Work to complete ->
Return every line from the one with "have AB_le1 : A + B <= 1 by nia." through the one with "apply: ler_peMl; first", inclusive, exactly as it appears below.

-- Exercise inputs follows --

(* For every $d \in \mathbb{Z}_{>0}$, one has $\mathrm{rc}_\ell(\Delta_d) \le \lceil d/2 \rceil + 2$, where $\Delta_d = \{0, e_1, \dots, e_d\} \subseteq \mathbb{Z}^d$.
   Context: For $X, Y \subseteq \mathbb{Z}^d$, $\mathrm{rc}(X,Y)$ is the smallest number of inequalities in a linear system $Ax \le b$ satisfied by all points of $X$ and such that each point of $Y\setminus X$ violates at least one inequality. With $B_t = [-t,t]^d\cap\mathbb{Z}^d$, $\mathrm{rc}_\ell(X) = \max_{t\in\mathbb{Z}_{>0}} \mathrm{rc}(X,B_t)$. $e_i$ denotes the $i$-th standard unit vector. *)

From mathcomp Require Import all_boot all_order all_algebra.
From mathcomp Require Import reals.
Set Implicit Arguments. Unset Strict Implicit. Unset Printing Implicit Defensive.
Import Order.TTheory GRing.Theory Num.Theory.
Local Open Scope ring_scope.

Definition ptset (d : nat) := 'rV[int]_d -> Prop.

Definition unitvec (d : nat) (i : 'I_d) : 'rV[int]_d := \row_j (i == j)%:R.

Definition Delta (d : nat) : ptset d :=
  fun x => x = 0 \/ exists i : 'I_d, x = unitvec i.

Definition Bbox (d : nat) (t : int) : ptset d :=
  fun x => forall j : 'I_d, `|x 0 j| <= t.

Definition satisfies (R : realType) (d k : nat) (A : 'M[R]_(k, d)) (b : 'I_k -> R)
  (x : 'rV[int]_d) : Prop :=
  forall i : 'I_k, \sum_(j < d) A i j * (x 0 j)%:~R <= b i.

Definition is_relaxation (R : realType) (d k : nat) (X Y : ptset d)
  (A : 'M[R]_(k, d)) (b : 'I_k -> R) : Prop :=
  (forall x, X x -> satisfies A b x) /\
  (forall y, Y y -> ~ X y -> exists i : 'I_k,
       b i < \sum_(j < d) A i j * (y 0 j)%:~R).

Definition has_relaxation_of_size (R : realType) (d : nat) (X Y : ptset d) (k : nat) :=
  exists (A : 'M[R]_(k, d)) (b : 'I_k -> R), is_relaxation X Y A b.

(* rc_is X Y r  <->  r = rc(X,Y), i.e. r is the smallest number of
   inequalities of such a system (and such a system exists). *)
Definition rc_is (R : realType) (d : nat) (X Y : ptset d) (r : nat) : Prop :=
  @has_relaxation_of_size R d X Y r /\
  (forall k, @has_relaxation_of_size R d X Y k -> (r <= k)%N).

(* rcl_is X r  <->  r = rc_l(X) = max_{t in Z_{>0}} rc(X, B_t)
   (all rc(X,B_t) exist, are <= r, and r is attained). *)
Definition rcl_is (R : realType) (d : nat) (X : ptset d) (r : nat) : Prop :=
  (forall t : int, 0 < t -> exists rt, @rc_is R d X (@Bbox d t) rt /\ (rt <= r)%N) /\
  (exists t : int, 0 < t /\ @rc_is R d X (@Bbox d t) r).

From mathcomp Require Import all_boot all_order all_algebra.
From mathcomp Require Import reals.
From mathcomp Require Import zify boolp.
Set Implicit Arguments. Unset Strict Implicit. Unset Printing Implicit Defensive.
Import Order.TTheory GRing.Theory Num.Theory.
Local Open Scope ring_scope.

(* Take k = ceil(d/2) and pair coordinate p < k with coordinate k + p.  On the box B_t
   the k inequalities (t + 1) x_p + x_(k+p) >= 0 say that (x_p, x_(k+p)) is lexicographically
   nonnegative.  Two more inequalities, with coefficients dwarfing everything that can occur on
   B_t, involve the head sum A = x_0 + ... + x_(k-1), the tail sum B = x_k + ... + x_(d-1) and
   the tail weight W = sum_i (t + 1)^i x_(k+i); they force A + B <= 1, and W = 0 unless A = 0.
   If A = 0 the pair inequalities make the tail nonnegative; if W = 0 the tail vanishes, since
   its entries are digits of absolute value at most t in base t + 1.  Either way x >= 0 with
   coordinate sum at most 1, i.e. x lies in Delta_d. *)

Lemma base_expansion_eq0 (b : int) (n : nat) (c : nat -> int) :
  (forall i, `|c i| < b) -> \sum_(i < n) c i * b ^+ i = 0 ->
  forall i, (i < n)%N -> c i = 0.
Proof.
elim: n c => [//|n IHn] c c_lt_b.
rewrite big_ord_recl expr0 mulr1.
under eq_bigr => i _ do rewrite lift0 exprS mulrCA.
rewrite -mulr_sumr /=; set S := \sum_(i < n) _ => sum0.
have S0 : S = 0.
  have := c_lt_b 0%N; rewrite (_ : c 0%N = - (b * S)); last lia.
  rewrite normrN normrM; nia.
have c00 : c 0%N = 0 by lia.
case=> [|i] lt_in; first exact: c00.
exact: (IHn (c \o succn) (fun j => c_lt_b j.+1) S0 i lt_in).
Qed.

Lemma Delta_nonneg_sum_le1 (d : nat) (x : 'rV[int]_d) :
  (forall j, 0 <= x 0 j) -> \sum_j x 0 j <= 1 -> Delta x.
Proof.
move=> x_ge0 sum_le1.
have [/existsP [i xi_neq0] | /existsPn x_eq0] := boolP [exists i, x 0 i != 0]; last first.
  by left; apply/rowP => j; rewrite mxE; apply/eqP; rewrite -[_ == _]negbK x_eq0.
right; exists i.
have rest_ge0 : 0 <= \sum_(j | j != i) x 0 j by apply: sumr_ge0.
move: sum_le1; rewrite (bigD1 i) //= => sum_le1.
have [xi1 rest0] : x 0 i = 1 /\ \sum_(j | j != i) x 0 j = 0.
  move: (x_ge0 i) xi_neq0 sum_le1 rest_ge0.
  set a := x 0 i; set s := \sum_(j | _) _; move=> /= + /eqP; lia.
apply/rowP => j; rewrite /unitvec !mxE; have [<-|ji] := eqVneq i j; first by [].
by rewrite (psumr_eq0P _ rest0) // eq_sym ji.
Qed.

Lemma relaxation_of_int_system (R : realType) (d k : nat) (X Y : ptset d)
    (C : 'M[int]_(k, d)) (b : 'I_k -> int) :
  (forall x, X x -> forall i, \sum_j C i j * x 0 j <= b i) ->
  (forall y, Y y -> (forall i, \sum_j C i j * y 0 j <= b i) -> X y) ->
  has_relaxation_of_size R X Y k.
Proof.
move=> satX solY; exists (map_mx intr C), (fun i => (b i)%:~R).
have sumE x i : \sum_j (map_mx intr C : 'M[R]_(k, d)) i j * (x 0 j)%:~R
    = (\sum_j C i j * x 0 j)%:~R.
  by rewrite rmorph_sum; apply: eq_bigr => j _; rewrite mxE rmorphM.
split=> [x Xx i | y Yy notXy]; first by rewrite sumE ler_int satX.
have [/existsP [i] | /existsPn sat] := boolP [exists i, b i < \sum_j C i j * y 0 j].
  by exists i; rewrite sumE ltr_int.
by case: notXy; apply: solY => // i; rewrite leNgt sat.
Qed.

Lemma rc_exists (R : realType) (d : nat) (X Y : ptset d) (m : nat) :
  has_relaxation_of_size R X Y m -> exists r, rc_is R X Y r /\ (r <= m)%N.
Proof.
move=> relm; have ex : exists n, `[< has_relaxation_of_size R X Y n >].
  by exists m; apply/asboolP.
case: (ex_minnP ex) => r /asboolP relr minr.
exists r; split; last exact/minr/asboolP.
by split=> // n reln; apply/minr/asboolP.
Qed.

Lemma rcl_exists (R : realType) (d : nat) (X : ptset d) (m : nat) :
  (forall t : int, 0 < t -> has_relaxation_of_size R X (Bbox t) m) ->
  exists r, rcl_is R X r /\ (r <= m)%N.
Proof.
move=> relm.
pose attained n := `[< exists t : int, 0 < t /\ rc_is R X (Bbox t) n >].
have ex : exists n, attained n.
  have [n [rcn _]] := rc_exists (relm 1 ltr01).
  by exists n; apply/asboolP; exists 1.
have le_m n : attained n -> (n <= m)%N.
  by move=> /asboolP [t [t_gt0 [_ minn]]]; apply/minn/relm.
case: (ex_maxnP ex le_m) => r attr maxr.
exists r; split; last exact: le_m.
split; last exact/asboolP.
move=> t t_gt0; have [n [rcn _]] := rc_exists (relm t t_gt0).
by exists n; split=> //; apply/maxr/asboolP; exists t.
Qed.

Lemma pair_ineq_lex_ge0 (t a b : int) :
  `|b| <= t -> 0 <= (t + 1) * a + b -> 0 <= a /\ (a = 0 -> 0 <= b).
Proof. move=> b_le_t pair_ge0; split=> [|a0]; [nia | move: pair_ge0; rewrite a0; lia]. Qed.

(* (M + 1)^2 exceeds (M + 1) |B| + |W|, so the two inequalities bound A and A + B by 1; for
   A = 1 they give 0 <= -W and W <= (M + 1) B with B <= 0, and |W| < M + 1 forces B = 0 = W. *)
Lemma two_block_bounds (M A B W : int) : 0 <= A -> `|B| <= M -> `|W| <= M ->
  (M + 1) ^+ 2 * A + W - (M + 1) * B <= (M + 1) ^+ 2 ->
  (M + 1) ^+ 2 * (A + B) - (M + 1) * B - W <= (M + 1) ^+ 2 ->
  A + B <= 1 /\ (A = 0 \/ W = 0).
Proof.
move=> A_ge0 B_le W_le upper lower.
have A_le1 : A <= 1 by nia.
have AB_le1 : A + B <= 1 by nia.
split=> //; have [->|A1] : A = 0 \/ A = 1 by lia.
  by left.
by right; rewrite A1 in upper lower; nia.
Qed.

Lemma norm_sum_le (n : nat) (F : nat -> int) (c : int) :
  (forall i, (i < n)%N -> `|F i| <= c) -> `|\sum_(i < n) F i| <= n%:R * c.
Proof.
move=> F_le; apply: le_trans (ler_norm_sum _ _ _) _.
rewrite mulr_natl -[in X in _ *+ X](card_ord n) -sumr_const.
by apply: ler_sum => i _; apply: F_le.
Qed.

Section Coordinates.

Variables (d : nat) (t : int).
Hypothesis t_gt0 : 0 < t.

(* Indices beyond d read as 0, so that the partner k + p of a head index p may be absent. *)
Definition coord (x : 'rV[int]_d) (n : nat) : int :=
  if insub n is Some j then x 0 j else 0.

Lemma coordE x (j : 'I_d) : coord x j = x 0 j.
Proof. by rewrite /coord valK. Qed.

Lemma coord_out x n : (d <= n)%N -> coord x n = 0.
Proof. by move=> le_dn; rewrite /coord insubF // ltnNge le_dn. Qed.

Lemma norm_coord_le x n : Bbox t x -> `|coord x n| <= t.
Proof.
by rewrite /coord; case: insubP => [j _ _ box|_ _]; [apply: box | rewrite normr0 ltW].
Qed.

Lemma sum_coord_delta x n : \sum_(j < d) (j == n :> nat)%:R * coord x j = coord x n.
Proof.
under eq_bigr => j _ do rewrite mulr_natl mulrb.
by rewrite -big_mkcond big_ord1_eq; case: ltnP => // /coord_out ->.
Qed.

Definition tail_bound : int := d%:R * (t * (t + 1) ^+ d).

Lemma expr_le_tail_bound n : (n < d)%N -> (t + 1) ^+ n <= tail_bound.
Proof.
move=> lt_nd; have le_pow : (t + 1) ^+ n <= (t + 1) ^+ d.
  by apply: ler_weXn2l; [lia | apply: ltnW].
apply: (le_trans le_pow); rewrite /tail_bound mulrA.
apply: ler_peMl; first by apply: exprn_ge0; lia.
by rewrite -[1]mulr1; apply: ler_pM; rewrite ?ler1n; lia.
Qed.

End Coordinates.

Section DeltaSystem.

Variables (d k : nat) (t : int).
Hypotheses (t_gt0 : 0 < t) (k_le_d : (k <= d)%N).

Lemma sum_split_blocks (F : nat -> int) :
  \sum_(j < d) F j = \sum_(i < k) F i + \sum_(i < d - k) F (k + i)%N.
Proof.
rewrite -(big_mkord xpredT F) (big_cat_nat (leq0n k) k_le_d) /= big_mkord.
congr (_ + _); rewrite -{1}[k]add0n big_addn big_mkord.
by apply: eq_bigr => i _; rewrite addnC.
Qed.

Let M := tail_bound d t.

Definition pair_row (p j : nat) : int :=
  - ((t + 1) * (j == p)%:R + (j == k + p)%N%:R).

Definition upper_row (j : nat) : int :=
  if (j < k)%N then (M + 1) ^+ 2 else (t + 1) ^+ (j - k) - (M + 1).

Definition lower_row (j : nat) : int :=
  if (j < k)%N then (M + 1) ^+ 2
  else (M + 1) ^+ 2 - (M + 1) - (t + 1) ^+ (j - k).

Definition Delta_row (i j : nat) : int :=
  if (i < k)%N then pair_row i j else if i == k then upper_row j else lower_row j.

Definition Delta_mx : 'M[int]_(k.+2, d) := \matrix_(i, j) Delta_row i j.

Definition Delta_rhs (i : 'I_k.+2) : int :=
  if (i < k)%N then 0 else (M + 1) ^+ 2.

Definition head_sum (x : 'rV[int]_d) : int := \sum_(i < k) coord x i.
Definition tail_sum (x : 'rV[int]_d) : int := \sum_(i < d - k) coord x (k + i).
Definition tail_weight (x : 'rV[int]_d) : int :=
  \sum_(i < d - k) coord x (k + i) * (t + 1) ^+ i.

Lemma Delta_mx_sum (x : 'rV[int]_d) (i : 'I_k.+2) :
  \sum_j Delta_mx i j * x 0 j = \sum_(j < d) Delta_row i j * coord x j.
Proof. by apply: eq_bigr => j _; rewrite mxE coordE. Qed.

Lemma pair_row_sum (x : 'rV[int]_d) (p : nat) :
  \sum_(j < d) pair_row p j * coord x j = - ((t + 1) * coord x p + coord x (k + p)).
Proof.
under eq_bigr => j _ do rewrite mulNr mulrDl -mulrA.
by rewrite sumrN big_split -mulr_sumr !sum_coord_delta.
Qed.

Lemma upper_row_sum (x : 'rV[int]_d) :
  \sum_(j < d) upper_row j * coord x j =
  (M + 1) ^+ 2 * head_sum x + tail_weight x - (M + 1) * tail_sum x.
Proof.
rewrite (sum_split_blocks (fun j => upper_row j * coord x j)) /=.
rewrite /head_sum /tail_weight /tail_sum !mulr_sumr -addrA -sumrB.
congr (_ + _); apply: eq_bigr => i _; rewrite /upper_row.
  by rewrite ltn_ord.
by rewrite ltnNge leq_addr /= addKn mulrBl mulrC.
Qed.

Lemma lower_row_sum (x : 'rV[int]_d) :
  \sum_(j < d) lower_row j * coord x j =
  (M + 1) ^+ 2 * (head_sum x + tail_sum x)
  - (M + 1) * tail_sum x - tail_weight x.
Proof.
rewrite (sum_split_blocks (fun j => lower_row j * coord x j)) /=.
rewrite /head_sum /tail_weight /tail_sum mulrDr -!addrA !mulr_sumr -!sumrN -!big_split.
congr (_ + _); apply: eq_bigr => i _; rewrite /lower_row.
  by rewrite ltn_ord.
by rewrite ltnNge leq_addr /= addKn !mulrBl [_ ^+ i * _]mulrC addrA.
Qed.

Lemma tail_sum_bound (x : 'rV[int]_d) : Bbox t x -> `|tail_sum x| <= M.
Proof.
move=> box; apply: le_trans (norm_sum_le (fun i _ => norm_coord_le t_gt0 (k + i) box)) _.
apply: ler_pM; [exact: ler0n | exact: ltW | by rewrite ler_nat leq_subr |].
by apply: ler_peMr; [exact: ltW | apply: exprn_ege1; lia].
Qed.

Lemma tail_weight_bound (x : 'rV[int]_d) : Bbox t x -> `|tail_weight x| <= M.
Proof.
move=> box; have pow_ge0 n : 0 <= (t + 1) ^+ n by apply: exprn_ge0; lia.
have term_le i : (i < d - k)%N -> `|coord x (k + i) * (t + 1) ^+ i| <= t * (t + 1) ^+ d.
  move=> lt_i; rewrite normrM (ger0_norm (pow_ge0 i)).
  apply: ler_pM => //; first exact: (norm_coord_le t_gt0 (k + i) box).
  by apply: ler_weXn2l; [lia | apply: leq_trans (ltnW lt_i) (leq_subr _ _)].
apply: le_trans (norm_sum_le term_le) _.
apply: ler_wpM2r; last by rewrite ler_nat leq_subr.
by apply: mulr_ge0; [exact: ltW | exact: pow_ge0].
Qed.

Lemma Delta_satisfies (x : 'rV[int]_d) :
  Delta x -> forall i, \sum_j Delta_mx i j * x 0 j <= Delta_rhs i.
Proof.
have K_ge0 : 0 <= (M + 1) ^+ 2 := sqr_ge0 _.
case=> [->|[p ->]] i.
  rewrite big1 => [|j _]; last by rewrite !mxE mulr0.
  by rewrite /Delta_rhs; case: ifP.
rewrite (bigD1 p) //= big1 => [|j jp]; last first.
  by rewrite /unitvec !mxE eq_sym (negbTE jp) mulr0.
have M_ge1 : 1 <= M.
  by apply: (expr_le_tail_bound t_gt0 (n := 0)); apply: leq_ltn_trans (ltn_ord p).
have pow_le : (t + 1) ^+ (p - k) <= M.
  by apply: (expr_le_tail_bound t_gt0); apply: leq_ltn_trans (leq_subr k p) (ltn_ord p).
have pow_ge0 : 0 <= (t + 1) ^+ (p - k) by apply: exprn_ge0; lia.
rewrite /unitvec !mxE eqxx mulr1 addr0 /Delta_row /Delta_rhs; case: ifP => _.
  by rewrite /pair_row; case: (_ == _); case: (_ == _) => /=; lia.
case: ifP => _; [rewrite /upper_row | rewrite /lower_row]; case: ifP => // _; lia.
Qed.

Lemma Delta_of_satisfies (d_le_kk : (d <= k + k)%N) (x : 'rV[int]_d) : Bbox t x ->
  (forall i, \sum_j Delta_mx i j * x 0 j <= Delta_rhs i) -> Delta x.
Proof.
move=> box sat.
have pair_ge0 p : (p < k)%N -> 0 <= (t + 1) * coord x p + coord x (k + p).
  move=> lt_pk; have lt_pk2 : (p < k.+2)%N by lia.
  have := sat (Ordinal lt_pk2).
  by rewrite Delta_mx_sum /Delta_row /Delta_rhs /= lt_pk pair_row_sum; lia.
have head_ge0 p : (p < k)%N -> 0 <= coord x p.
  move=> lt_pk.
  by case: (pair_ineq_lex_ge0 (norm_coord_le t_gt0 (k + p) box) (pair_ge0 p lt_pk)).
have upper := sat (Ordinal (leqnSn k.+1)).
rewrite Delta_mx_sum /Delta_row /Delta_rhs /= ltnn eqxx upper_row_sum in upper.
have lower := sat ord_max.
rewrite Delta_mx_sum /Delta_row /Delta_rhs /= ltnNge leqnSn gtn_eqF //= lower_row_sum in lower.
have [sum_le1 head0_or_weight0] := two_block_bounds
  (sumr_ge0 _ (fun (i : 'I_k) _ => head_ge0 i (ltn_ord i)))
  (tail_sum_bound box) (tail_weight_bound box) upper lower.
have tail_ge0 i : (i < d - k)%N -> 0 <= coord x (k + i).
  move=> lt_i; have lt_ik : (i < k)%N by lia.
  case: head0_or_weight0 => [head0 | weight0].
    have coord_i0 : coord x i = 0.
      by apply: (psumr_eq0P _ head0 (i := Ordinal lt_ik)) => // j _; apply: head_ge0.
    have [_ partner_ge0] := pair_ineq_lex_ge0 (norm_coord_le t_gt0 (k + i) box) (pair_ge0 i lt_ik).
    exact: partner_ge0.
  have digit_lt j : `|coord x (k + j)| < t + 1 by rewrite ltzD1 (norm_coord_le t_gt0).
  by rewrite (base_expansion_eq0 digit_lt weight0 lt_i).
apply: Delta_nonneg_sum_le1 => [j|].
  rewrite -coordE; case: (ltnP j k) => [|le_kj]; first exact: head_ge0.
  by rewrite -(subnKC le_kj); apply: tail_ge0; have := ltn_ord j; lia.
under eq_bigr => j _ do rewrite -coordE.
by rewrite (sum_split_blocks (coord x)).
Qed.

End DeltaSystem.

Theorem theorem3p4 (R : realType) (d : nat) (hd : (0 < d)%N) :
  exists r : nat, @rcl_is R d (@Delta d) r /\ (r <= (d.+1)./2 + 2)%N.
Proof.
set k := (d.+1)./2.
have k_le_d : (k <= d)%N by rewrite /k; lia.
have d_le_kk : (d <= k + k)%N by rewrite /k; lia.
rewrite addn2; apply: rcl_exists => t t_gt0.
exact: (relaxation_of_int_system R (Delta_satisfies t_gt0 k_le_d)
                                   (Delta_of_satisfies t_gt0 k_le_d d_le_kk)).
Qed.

-- Exercise inputs concluded --

Written answer ->
have AB_le1 : A + B <= 1 by nia.
split=> //; have [->|A1] : A = 0 \/ A = 1 by lia.
  by left.
by right; rewrite A1 in upper lower; nia.
Qed.

Lemma norm_sum_le (n : nat) (F : nat -> int) (c : int) :
  (forall i, (i < n)%N -> `|F i| <= c) -> `|\sum_(i < n) F i| <= n%:R * c.
Proof.
move=> F_le; apply: le_trans (ler_norm_sum _ _ _) _.
rewrite mulr_natl -[in X in _ *+ X](card_ord n) -sumr_const.
by apply: ler_sum => i _; apply: F_le.
Qed.

Section Coordinates.

Variables (d : nat) (t : int).
Hypothesis t_gt0 : 0 < t.

(* Indices beyond d read as 0, so that the partner k + p of a head index p may be absent. *)
Definition coord (x : 'rV[int]_d) (n : nat) : int :=
  if insub n is Some j then x 0 j else 0.

Lemma coordE x (j : 'I_d) : coord x j = x 0 j.
Proof. by rewrite /coord valK. Qed.

Lemma coord_out x n : (d <= n)%N -> coord x n = 0.
Proof. by move=> le_dn; rewrite /coord insubF // ltnNge le_dn. Qed.

Lemma norm_coord_le x n : Bbox t x -> `|coord x n| <= t.
Proof.
by rewrite /coord; case: insubP => [j _ _ box|_ _]; [apply: box | rewrite normr0 ltW].
Qed.

Lemma sum_coord_delta x n : \sum_(j < d) (j == n :> nat)%:R * coord x j = coord x n.
Proof.
under eq_bigr => j _ do rewrite mulr_natl mulrb.
by rewrite -big_mkcond big_ord1_eq; case: ltnP => // /coord_out ->.
Qed.

Definition tail_bound : int := d%:R * (t * (t + 1) ^+ d).

Lemma expr_le_tail_bound n : (n < d)%N -> (t + 1) ^+ n <= tail_bound.
Proof.
move=> lt_nd; have le_pow : (t + 1) ^+ n <= (t + 1) ^+ d.
  by apply: ler_weXn2l; [lia | apply: ltnW].
apply: (le_trans le_pow); rewrite /tail_bound mulrA.
apply: ler_peMl; first by apply: exprn_ge0; lia.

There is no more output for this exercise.